Longer time spent in the DMN-negatively connected state (state 4) was associated with higher early- and mid-life LEQ, a proxy of cognitive reserve including educational, occupational, leisure, social, and physical activities [15]. Similar DMN-negatively connected patterns have been linked with sustained attention tasks in both static and dynamic functional connectivity studies [48, 49]. This suggests that increased time in DMN-negatively connected is one of the mechanisms underlying attention-related cognitive reserve processes [50, 51]. Longer time spent in the DMN-negatively connected state was also associated with lower late-life cardiovascular risk factors including lower LDL cholesterol and systolic blood pressure. This last result is more difficult to interpret as it is unclear whether lower blood pressure is protective against dementia when assessed at late-life, since opposite results have also been reported [18, 19].

Finally, the times spent in states 3 and 4 were both negatively correlated with the times spent in states 1 and 2, strengthening the hypothesis that they have opposite relationships with dementia risk factors.

Interestingly, the times spent in the different states were not associated with Alzheimer’s disease neuroimaging biomarkers. This might indicate that, while being associated with dementia risk/protective factors, they are not directly associated with Alzheimer’s disease-specific pathological processes per se. More precisely, modification of DFNC could be a mechanism underlying cognitive reserve (i.e., modulating the effect of Alzheimer’s disease pathology on cognitive functions), but not a mechanism underlying brain reserve (i.e., preventing Alzheimer’s disease lesions to occur) [3, 52, 53].

The lower number of transitions between states (i.e., less state changes) was strongly associated with lower brain perfusion in Alzheimer’s disease-sensitive regions. This suggests that our ability to transition from one stage to another is reduced as a consequence of, or resulting in, decreased perfusion in the posterior cingulate and temporo-parietal regions known to characterize early Alzheimer’s disease changes. Interestingly, the lower number of transitions was associated with poorer cognitive performance in cognitively unimpaired older adults in a previous study [54]. Thus, the lower number of transitions could be a preclinical biomarker of hypoperfusion in brain regions typically impaired in Alzheimer’s disease.

There are limitations to this study.

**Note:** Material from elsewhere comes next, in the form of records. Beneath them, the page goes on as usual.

Lemma is_derive_comp_scale {g} m {x dg} :
  is_derive (m * x) 1 g dg -> is_derive x 1 (fun y => g (m * y)) (m * dg).
Proof.
move=> [dg1 dg2].
have dm : is_derive x 1 ( *%R m) m by rewrite -[X in is_derive _ _ _ X]mulr1; exact: is_deriveZ.
have dmx : derivable ( *%R m) x 1 by case: dm.
have dgm : derivable (g \o *%R m) x 1.
  by apply/derivable1_diffP/differentiable_comp; apply/derivable1_diffP.
apply: DeriveDef => //.
by rewrite -derive1E derive1_comp // derive1E dg2 derive1E; case: dm => _ ->; rewrite mulrC.
Qed.

Lemma Rintegral_is_derive {F f a b} : a < b -> continuous f ->
  (forall x, is_derive x 1 F (f x)) ->
  \int[mu]_(x in `[a, b]) f x = F b - F a.
Proof.
move=> ab cf dF.
have dFx x : derivable F x 1 by case: (dF x).
have cF : continuous F by move=> x; apply/differentiable_continuous/derivable1_diffP.
rewrite /Rintegral (@continuous_FTC2 R f F a b ab) //.
- exact: continuous_subspaceT.
- by split; [move=> x _ | exact: cvg_at_right_filter (cF a) | exact: cvg_at_left_filter (cF b)].
- by move=> x _; rewrite derive1E; case: (dF x).
Qed.

Lemma cos_sin_intr2pi (m : int) :
  cos (m%:~R * (2 * pi)) = 1 :> R /\ sin (m%:~R * (2 * pi)) = 0 :> R.
Proof.
have nat2pi (k : nat) : cos (k%:R * (2 * pi)) = 1 :> R /\ sin (k%:R * (2 * pi)) = 0 :> R.
  rewrite !mulr_natl -[_ *+ 2 *+ k]add0r.
  by rewrite (periodicn (@cosD2pi R)) (periodicn (@sinD2pi R)) cos0 sin0.
case: m => k; first exact: nat2pi.
by rewrite NegzE mulrNz mulNr cosN sinN (nat2pi k.+1).1 (nat2pi k.+1).2 oppr0.
Qed.

Lemma twopi_gt0 : 0 < 2 * pi :> R.
Proof. by rewrite mulr_gt0 ?pi_gt0. Qed.

Lemma Rintegral_trig (m : int) (A B : R) :
  \int[mu]_(t in `[0, 2 * pi]) (cos (m%:~R * t) * A + sin (m%:~R * t) * B) =
  (m == 0)%:R * A * (2 * pi).
Proof.
have [->|m0] := eqVneq m 0.
  under eq_Rintegral do rewrite mul0r cos0 sin0 mul1r mul0r addr0.
  rewrite Rintegral_cst //.
  have := @lebesgue_measure_itv R `[0, 2 * pi]%R.
  by rewrite /= lte_fin twopi_gt0 => ->; rewrite /= subr0 mul1r.
have mR : m%:~R != 0 :> R by rewrite intr_eq0.
pose F t := m%:~R^-1 * (A * sin (m%:~R * t) - B * cos (m%:~R * t)).
have dF x : is_derive x 1 F (cos (m%:~R * x) * A + sin (m%:~R * x) * B).
  have ds := is_derive_comp_scale m%:~R (is_derive_sin (m%:~R * x)).
  have dc := is_derive_comp_scale m%:~R (is_derive_cos (m%:~R * x)).
  apply: is_derive_eq (is_deriveZ m%:~R^-1 (is_deriveB (is_deriveZ A ds) (is_deriveZ B dc))) _.
  by rewrite /GRing.scale /=; field.
rewrite mul0r mul0r (Rintegral_is_derive twopi_gt0 (continuous_trig _ _ _) dF) /F.
have [-> ->] := cos_sin_intr2pi m.
by rewrite !mulr0 cos0 sin0; field.
Qed.

Lemma continuous_sum (I : Type) (s : seq I) (P : pred I) (F : I -> R -> R) :
  (forall i, continuous (F i)) -> continuous (fun x => \sum_(i <- s | P i) F i x).
Proof. by move=> cF; apply: continuous_big => [|i _]; [exact: add_continuous | exact: cF]. Qed.

Lemma Rintegral_sum (I : Type) (s : seq I) (P : pred I) (F : I -> R -> R) a b :
  (forall i, continuous (F i)) ->
  \int[mu]_(x in `[a, b]) (\sum_(i <- s | P i) F i x) =
  \sum_(i <- s | P i) \int[mu]_(x in `[a, b]) F i x.
Proof.
move=> cF; have intab f : continuous f -> mu.-integrable `[a, b] (EFin \o f).
  move=> cf; apply: continuous_compact_integrable; first exact: segment_compact.
  exact: continuous_subspaceT.
elim: s => [|i s IHs].
  by under eq_Rintegral do rewrite big_nil; rewrite big_nil Rintegral_cst // mul0r.
under eq_Rintegral do rewrite big_cons.
rewrite big_cons -IHs; case: (P i) => //.
by rewrite RintegralD //; apply: intab; [exact: cF | exact: continuous_sum].
Qed.

End TrigonometricIntegrals.

Section QuaternionGeometry.
Context {R : realType}.
Implicit Types (p q x y z I : quat R) (c r s u : R).

Definition qdot p q := q0 p * q0 q + q1 p * q1 q + q2 p * q2 q + q3 p * q3 q.

Lemma qaddE p q : p + q = Quat (q0 p + q0 q) (q1 p + q1 q) (q2 p + q2 q) (q3 p + q3 q).
Proof. by []. Qed.

Lemma qmulE p q : p * q = qmul p q.
Proof. by []. Qed.

Lemma qrealC c q : qreal c * q = q * qreal c.
Proof. by case: q => *; rewrite !qmulE /qmul /=; congr Quat; ring. Qed.

Lemma qrealD : {morph @qreal R : c s / c + s}.
Proof. by move=> c s; rewrite qaddE /= addr0. Qed.

Lemma qreal_nat (k : nat) : k%:R = qreal k%:R :> quat R.
Proof. by elim: k => [|k IHk] //; rewrite -!natr1 IHk qrealD. Qed.

Lemma qdotDl x y z : qdot (x + y) z = qdot x z + qdot y z.
Proof. by rewrite /qdot qaddE /=; ring. Qed.

Lemma qdotDr x y z : qdot x (y + z) = qdot x y + qdot x z.
Proof. by rewrite /qdot qaddE /=; ring. Qed.

Lemma qdotZl c x z : qdot (qreal c * x) z = c * qdot x z.
Proof. by rewrite /qdot qmulE /qmul /=; ring. Qed.

Lemma qdotZr c x z : qdot x (qreal c * z) = c * qdot x z.
Proof. by rewrite /qdot qmulE /qmul /=; ring. Qed.

Lemma qdot_sum (J K : Type) (sJ : seq J) (sK : seq K) (X : J -> quat R) (Y : K -> quat R) :
  qdot (\sum_(j <- sJ) X j) (\sum_(k <- sK) Y k) = \sum_(j <- sJ) \sum_(k <- sK) qdot (X j) (Y k).
Proof.
have qdot0l y : qdot 0 y = 0 by rewrite /qdot /=; ring.
have qdot0r y : qdot y 0 = 0 by rewrite /qdot /=; ring.
rewrite (big_morph (qdot^~ _) (fun x y => qdotDl x y _) (qdot0l _)).
by apply: eq_bigr => j _; rewrite (big_morph (qdot _) (qdotDr _) (qdot0r _)).
Qed.

Lemma qnorm_sqr q : qnorm q ^+ 2 = qdot q q.
Proof. by rewrite sqr_sqrtr // !addr_ge0 ?sqr_ge0. Qed.

Lemma qdot_ge0 q : 0 <= qdot q q.
Proof. by rewrite -qnorm_sqr sqr_ge0. Qed.

Lemma qdot_eq0 q : (qdot q q == 0) = (q == 0).
Proof.
apply/eqP/eqP => [|->]; last by rewrite /qdot /=; ring.
case: q => a b c d; rewrite /qdot /= => q0.
by have [-> -> -> ->] : [/\ a = 0, b = 0, c = 0 & d = 0] by split; nra.
Qed.

Lemma imag_unitP I : I * I = -1 -> q0 I = 0 /\ q1 I ^+ 2 + q2 I ^+ 2 + q3 I ^+ 2 = 1.
Proof.
case: I => a b c d; rewrite qmulE /qmul /= => -[e0 e1 e2 e3] /=.
have a0 : a = 0 by nra.
by split=> //; move: e0; rewrite a0 => e0; nra.
Qed.

Lemma qdot_imag_skew I x z : I * I = -1 -> qdot x (I * z) = - qdot (I * x) z.
Proof.
case/imag_unitP; case: I => a b c d /= -> _.
by rewrite /qdot !qmulE /qmul /=; ring.
Qed.

Lemma qdot_imag_isometry I x z : I * I = -1 -> qdot (I * x) (I * z) = qdot x z.
Proof.
case/imag_unitP; case: I => a b c d /= -> unit.
rewrite /qdot !qmulE /qmul /= -[RHS]mul1r -unit; ring.
Qed.

Lemma rexpIM I r s u c : I * I = -1 ->
  rexpI I r s * rexpI I u c = rexpI I (r * u) (s + c).
Proof.
move=> hI; have expand a b d e : (qreal a + I * qreal b) * (qreal d + I * qreal e) =
    qreal (a * d) + I * qreal (a * e + b * d) + I * I * qreal (b * e).
  by rewrite !qmulE !qaddE /qmul /=; congr Quat; ring.
rewrite /rexpI expand hI cosD sinD !qmulE !qaddE /qmul /=; congr Quat; ring.
Qed.

Lemma rexpIX I r s (j : nat) : I * I = -1 -> rexpI I r s ^+ j = rexpI I (r ^+ j) (j%:R * s).
Proof.
move=> hI; elim: j => [|j IHj].
  by rewrite expr0 mul0r /rexpI cos0 sin0 mulr1 mulr0 -[qreal 0]/(0 : quat R) mulr0 addr0.
by rewrite exprSr IHj rexpIM // -exprSr -natr1 mulrDl mul1r.
Qed.

Lemma qdot_rexpI I r s u c x z : I * I = -1 ->
  qdot (rexpI I r s * x) (rexpI I u c * z) =
  cos (s - c) * (r * u * qdot x z) + sin (s - c) * (r * u * qdot (I * x) z).
Proof.
move=> hI; have split_rexpI a b y :
    rexpI I a b * y = qreal (a * cos b) * y + qreal (a * sin b) * (I * y).
  by rewrite /rexpI mulrDl -qrealC -mulrA.
rewrite !split_rexpI !qdotDl !qdotDr !qdotZl !qdotZr qdot_imag_skew // qdot_imag_isometry //.
by rewrite cosB sinB; ring.
Qed.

First, its cross-sectional and observational design does not allow for the assessment of the causal associations between risk factors and DFNC changes. Second, although we found some consistency across our results (i.e., risk and protective factors were associated with different states), caution in interpreting the results is warranted due to the number of models conducted, which could lead to spurious findings. Third, our analyses focused on cognitive networks, while other networks could also be altered in the dementia preclinical stage, which could be investigated in future studies. Fourth, the findings of this study would need to be replicated in an external fMRI dataset to test for its reproducibility. Finally, other dementia risk factors, such as air pollution and hearing impairment, were not available in this study but could also be of interest for further studies.